Offensive Personalised Number Plates In Sweeden
A Swede with a passion for offensive number plates has failed in his cause yet again, after transport authorities denied two of his latest attempts to create 'offensive' personalised plate combinations.
The man, from Varberg in southern Sweden, gained some media attention last year when he attempted to register a personal licence plate reading "3JOH22A".
The Swedish Transport Agency (Transportstyrelsen) rejected the licence plate request on the grounds of it being offensive, the reason for which is made clear when the combination is reflected in a mirror.
The same man has now made two further attempts to change his plate to "8UTT5EX" and "X32TTU8" respectively, but they were also denied, as they too could be considered offensive.
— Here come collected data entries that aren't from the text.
Lemma join_prime_le_pU j (f1 f2 : St M -> L) l : join_prime j ->
  (j <= pU f1 f2 l <-> until (fun x => j <= f1 x) (fun x => j <= f2 x) l).
Proof.
move=> jp; rewrite /pU join_prime_le_Lsup //; split=> -[i].
  rewrite lexI => /andP[j_f2 /le_LinfP j_f1]; exists i; split=> // k lt_ki.
  exact: (j_f1 (Ordinal lt_ki)).
by move=> [j_f2 j_f1]; exists i; rewrite lexI j_f2; apply/le_LinfP => k; apply: j_f1.
Qed.

Lemma join_prime_le_pW j (f1 f2 : St M -> L) l : join_prime j ->
  (j <= pW f1 f2 l <-> weak_until (fun x => j <= f1 x) (fun x => j <= f2 x) l).
Proof.
move=> jp; rewrite /pW join_prime_leU //; split.
  by case/orP => [/(join_prime_le_pU _ _ _ jp) | /le_LinfP]; [left | right].
by case=> [/(join_prime_le_pU _ _ _ jp) | /le_LinfP] ->; rewrite ?orbT.
Qed.

Lemma join_prime_le_Dia k A g q j : join_prime j ->
  (j <= Dia k A g q <-> can_enforce k A q (fun l => j <= g l)).
Proof.
move=> jp; rewrite /Dia join_prime_le_Lsup //; split.
  by case=> -[s sk] /le_LinfP j_g; exists s => // l ol; apply: (j_g (exist _ l ol)).
by case=> s sk j_g; exists (exist _ s sk); apply/le_LinfP => -[l ol]; apply: j_g.
Qed.

Lemma join_prime_le_Box k A g q j : join_prime j ->
  (j <= Box k A g q <-> ~ can_enforce k A q (fun l => ~ j <= g l)).
Proof.
move=> jp; rewrite /Box le_LinfP; split.
  move=> j_g [s sk win].
  by have /(join_prime_le_Lsup _ jp)[[l ol] j_gl] := j_g (exist _ s sk); apply: win l ol j_gl.
move=> none [s sk]; apply/(join_prime_le_Lsup _ jp); apply: NNPP => nl.
by apply: none; exists s => // l ol j_gl; apply: nl; exists (exist _ l ol).
Qed.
If not immediately obvious, the explanation for rejecting the latter combination is once again made clear when a mirror is introduced to the equation.
"We get a lot of requests and some of them are very subtle. Many see it as a sport to try and get a word through. This one was quite easy to reject," Eva Isaksen from the Swedish Transport Agency told public broadcaster SVT.
The Transport Agency's rules state that a personalised number plate ”may not be designed if it causes offence or harm to anyone else," including allusions to alcohol, drugs, sex, swearwords, religion or criminality.
More Britons are personalizing their car number plates than ever before, according to the Driver and Vehicle Licensing Agency (DVLA). In the past year, the Treasury made a record total of £102 million — £15 million more than 2014-2015 from an estimated 335,000 registration plates purchased by drivers in the U.K.
The DVLA started selling personalised number plates in 1990, with just 77,745 purchased between 1995-96 — four times less than today. At present, the DVLA boasts 47 million plates on offer to drivers across the country, which can be bought online or at auctions.
The DVLA says almost 335,000 registrations were sold in the last year – more than four times the figure in the mid-Nineties.
A spokesman for the AA welcomed the news, saying: “It puts a smile on people’s faces and raises money for the exchequer – what’s there to complain about?